Job Overview
We are seeking a skilled Cloud Observability Engineer with over 5 years of experience in leveraging Splunk Enterprise and Splunk Cloud. This position is pivotal in driving the evolution of our observability IT platform, ensuring comprehensive real-time monitoring across our infrastructure, applications, microservices, and user interfaces.
Key Responsibilities
- Develop and enhance a data-driven observability platform for real-time monitoring.
- Proactively identify errors, latencies, and performance issues before they affect users and customers.
- Assign ownership of problems and errors in applications and microservices to appropriate teams.
- Implement automated processes to utilize application logs, metrics, and traces for ongoing performance assessment.
- Collaborate with cross-functional teams to pinpoint and resolve issues using Splunk and other monitoring tools.
- Engage with UNIX, Linux, and Windows server administration teams to troubleshoot configuration challenges.
- Provide training and support for users of the Splunk platform and associated monitoring components.
- Utilize collaboration tools to efficiently document and share knowledge of workflows.
Required Skills
- Comprehensive understanding of Cloud Application Performance Monitoring and Observability.
- Proficient in utilizing Splunk Enterprise and Splunk Cloud, with experience in SignalFx and OpenTelemetry.
- Skilled in integrating infrastructure monitoring solutions with cloud environments and container orchestration platforms, such as OpenShift and Kubernetes.
- Ability to write regex for field extractions and formulate complex queries in Splunk.
- Experience with scripting languages, including Python and shell scripting, as well as tools like Ansible.
- Hands-on support experience with both Windows and Linux systems in large enterprise settings.
- Excellent communication and presentation abilities.
Qualifications
- Minimum of 5 years of experience with Splunk Enterprise and Splunk Cloud.
- At least 2 years of experience with SignalFX and OpenTelemetry.
- 3 years of experience in UNIX/Windows Engineering.
- Proficient scripting experience (Python, shell, Ansible) for automation and integration tasks.
- Experience in designing and supporting platforms with high availability and multi-site configurations.
Career Growth Opportunities
Joining our team offers significant opportunities for professional development in a rapidly evolving field.

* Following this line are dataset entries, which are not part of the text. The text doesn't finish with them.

(* Let $\tilde q=q^2$. For all integers $v\geq 1$ and $L\geq 0$, \[ \sum_{n_1,\ldots,n_v\geq 0} \frac{\tilde q^{\sum_{i=1}^v N_i^2}}{(\tilde q)_{n_1}\cdots(\tilde q)_{n_{v-1}}(\tilde q)_{2n_v}}\cdot\frac{(q^3;q^6)_{n_v}}{(q;q^2)_{n_v}}\cdot\frac{(\tilde q)_{2L}}{(\tilde q)_{L-N_1}} =\sum_{j=-\infty}^{\infty} (-1)^j \left(\frac{j+1}{3}\right) q^{(2v+1)j^2}{2L \brack L+j}_{\tilde q}, \] where $N_i=n_i+n_{i+1}+\cdots+n_v$ for $i=1,\ldots,v$ (for $v=1$ the product $(\tilde q)_{n_1}\cdots(\tilde q)_{n_{v-1}}$ is empty).
   Context: For a variable $a$ and integer $n\ge 0$, $(a;q)_n=(1-a)(1-aq)\cdots(1-aq^{n-1})$, and $(\tilde q)_n=(\tilde q;\tilde q)_n$; by convention $1/(\tilde q)_n=0$ for negative integers $n$. The $q$-binomial coefficient in base $\tilde q$ is ${A \brack B}_{\tilde q}=\frac{(\tilde q;\tilde q)_A}{(\tilde q;\tilde q)_B(\tilde q;\tilde q)_{A-B}}$ if $0\le B\le A$ are integers, and $0$ otherwise. $\left(\frac{j}{3}\right)$ is the Legendre symbol modulo 3: it equals $1$ if $j\equiv 1 \pmod 3$, $-1$ if $j\equiv -1\pmod 3$, and $0$ if $3\mid j$. *)

From HB Require Import structures.
From mathcomp Require Import all_boot all_order all_algebra.
Set Implicit Arguments. Unset Strict Implicit. Unset Printing Implicit Defensive.
Import Order.TTheory GRing.Theory Num.Theory.
Local Open Scope ring_scope.

Definition qpoch (F : fieldType) (a t : F) (n : nat) : F :=
  \prod_(i < n) (1 - a * t ^+ i).

Definition tpoch (F : fieldType) (t : F) (n : nat) : F := qpoch t t n.

Definition tpoch_rec (F : fieldType) (t : F) (m : int) : F :=
  if (m < 0)%R then 0 else (tpoch t `|m|%N)^-1.

Definition qbinom (F : fieldType) (t : F) (A B : int) : F :=
  if ((0 <= B) && (B <= A))%R
  then tpoch t `|A|%N / (tpoch t `|B|%N * tpoch t `|A - B|%N)
  else 0.

Definition leg3 (j : int) : int :=
  if (j %% 3)%Z == 1 then 1 else if (j %% 3)%Z == 2 then -1 else 0.

(* N_i = n_i + ... + n_v ; we index 0-based: n 0, ..., n (v-1) stand for
   n_1, ..., n_v (values of n outside 0..v-1 are irrelevant) *)
Definition Nsum (v : nat) (n : nat -> nat) (i : nat) : nat :=
  (\sum_(k < v | (i <= k)%N) n k)%N.

Definition lhs_term (F : fieldType) (q : F) (v L : nat) (n : nat -> nat) : F :=
  let qt := q ^+ 2 in
  let nv := n v.-1 in
  qt ^+ (\sum_(i < v) (Nsum v n i) ^ 2)%N
  / ((\prod_(i < v | (i < v.-1)%N) tpoch qt (n i)) * tpoch qt (2 * nv)%N)
  * (qpoch (q ^+ 3) (q ^+ 6) nv / qpoch q (q ^+ 2) nv)
  * (tpoch qt (2 * L)%N * tpoch_rec qt (L%:Z - (Nsum v n 0)%:Z)).

Definition rhs_term (F : fieldType) (q : F) (v L : nat) (j : int) : F :=
  (-1) ^+ `|j|%N * (leg3 (j + 1))%:~R * q ^+ ((2 * v + 1) * `|j|%N ^ 2)%N
  * qbinom (q ^+ 2) (2 * L)%N%:Z (L%:Z + j).

Definition ext_fam (v B : nat) (n : {ffun 'I_v -> 'I_B}) (i : nat) : nat :=
  if insub i is Some k then nat_of_ord (n k) else 0%N.

From HB Require Import structures.
From mathcomp Require Import all_boot all_order all_algebra.
From mathcomp Require Import zify ring.
From Stdlib Require Import FunctionalExtensionality.
Set Implicit Arguments.
Unset Strict Implicit.
Unset Printing Implicit Defensive.
Import Order.TTheory GRing.Theory Num.Theory.
Local Open Scope ring_scope.

(* Write q~ = q^2.  Both sides equal (q~;q~)_{2L} beta^(v)_L, where beta^(v) is
   obtained by v applications of the Bailey lemma (base q~, a = 1) to the
   Bailey pair
     alpha_j = (-1)^j (j+1 / 3) q^{j^2},
     beta_K  = (q^3;q^6)_K / ((q;q^2)_K (q~;q~)_{2K}).
   That this is a Bailey pair means sum_j alpha_j [2K; K+j]_{q~} =
   (q^3;q^6)_K / (q;q^2)_K, which follows by induction on K from the
   three-term recurrence of q^{j^2} [2K; K+j]_{q~} in K.  The Bailey lemma
   itself reduces to q-Chu-Vandermonde.  On the left, summing first over n_1 with
   K = N_1 fixed exhibits the v-fold multisum as the Bailey transform of the
   (v-1)-fold one, and the one-fold sum as the transform of beta; on the right,
   v Bailey steps multiply alpha_j by q~^{v j^2}. *)

Ltac expn_congr := rewrite -?exprM -?exprD -?exprSr -?exprD; congr (_ ^+ _); lia.

Section QPochhammer.
Variables (F : fieldType) (t : F).
Local Notation r := (tpoch_rec t).

Lemma qpochS a n : qpoch a t n.+1 = qpoch a t n * (1 - a * t ^+ n).
Proof. by rewrite /qpoch big_ord_recr. Qed.

Lemma tpoch0 : tpoch t 0 = 1.
Proof. by rewrite /tpoch /qpoch big_ord0. Qed.

Lemma tpochS n : tpoch t n.+1 = tpoch t n * (1 - t ^+ n.+1).
Proof. by rewrite /tpoch qpochS exprS. Qed.

Lemma tpoch_rec_nat (n : nat) : r n = (tpoch t n)^-1.
Proof. by []. Qed.

Lemma tpoch_rec0 : r 0 = 1.
Proof. by rewrite tpoch_rec_nat tpoch0 invr1. Qed.

Lemma tpoch_rec_neg (m : int) : m < 0 -> r m = 0.
Proof. by rewrite /tpoch_rec => ->. Qed.

Lemma qbinom_tpoch_rec (A : nat) (B : int) :
  qbinom t A B = tpoch t A * (r B * r (A%:Z - B)).
Proof.
rewrite /qbinom; case: ifP => [/andP[B_ge0 B_leA] | B_out].
  have [b ?] : exists b : nat, B = b by exists `|B|%N; lia.
  subst B.
  have [c ->] : exists c : nat, A%:Z - b%:Z = c by exists (A - b)%N; lia.
  by rewrite /tpoch_rec /= invfM.
have [B_lt0 | B_ge0] := ltrP B 0; first by rewrite tpoch_rec_neg ?mul0r ?mulr0.
by rewrite [r (_ - B)]tpoch_rec_neg ?mulr0 //; lia.
Qed.

Lemma qbinom_sym (A : nat) (B : int) : qbinom t A (A%:Z - B) = qbinom t A B.
Proof. by rewrite !qbinom_tpoch_rec subKr [r B * _]mulrC. Qed.

Lemma qbinom_gt (A : nat) (B : int) : A%:Z < B -> qbinom t A B = 0.
Proof. by rewrite /qbinom ltNge => /negPf->; rewrite andbF. Qed.

Lemma tpoch_rec_subz (K N : nat) :
  r (K%:Z - N%:Z) = if (N <= K)%N then r (K - N)%N else 0.
Proof.
case: ifP => N_le; first by rewrite (_ : K%:Z - N%:Z = (K - N)%N) //; lia.
by rewrite tpoch_rec_neg //; lia.
Qed.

You will be part of a culture that fosters continuous learning and collaboration, where your contributions directly impact our operational excellence and service delivery.
Company Culture And Values
We pride ourselves on our innovative approach and commitment to excellence. Our team is dedicated to creating a diverse and inclusive work environment where every member is valued. We encourage open communication, teamwork, and a passion for solving complex challenges.
Networking And Professional Opportunities
As a member of our team, you will have the chance to engage with industry experts, participate in professional development programs, and expand your network through collaboration on cutting-edge projects.
Employment Type: Full-Time